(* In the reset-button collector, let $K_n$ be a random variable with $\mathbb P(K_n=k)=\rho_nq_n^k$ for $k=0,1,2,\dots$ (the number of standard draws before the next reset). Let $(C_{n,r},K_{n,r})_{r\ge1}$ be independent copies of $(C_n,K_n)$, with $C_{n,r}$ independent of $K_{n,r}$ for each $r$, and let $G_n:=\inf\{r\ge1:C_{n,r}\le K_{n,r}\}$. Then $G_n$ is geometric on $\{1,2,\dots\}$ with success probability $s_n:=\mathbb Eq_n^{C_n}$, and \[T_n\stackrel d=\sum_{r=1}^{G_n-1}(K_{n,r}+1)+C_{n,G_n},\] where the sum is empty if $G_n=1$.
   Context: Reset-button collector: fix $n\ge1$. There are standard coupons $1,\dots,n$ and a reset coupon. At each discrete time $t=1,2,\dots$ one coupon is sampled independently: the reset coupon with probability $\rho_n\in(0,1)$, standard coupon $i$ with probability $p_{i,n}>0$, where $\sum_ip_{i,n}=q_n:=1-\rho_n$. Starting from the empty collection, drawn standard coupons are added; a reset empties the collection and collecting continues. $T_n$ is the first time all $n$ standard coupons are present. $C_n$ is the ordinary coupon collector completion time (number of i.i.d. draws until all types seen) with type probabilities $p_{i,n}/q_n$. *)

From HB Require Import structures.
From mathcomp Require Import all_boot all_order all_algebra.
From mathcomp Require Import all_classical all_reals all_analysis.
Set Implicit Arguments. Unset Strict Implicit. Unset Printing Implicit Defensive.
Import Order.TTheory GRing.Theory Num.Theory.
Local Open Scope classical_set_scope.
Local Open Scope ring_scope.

■ ■ ■

(Problem to work on):
The line containing "From HB Require Import structures." and every line after it, through the end of the records above: output exactly those, and nothing else.

(Solution to this problem):
From HB Require Import structures.
From mathcomp Require Import all_boot all_order all_algebra.
From mathcomp Require Import all_classical all_reals all_analysis.
Set Implicit Arguments. Unset Strict Implicit. Unset Printing Implicit Defensive.
Import Order.TTheory GRing.Theory Num.Theory.
Local Open Scope classical_set_scope.
Local Open Scope ring_scope.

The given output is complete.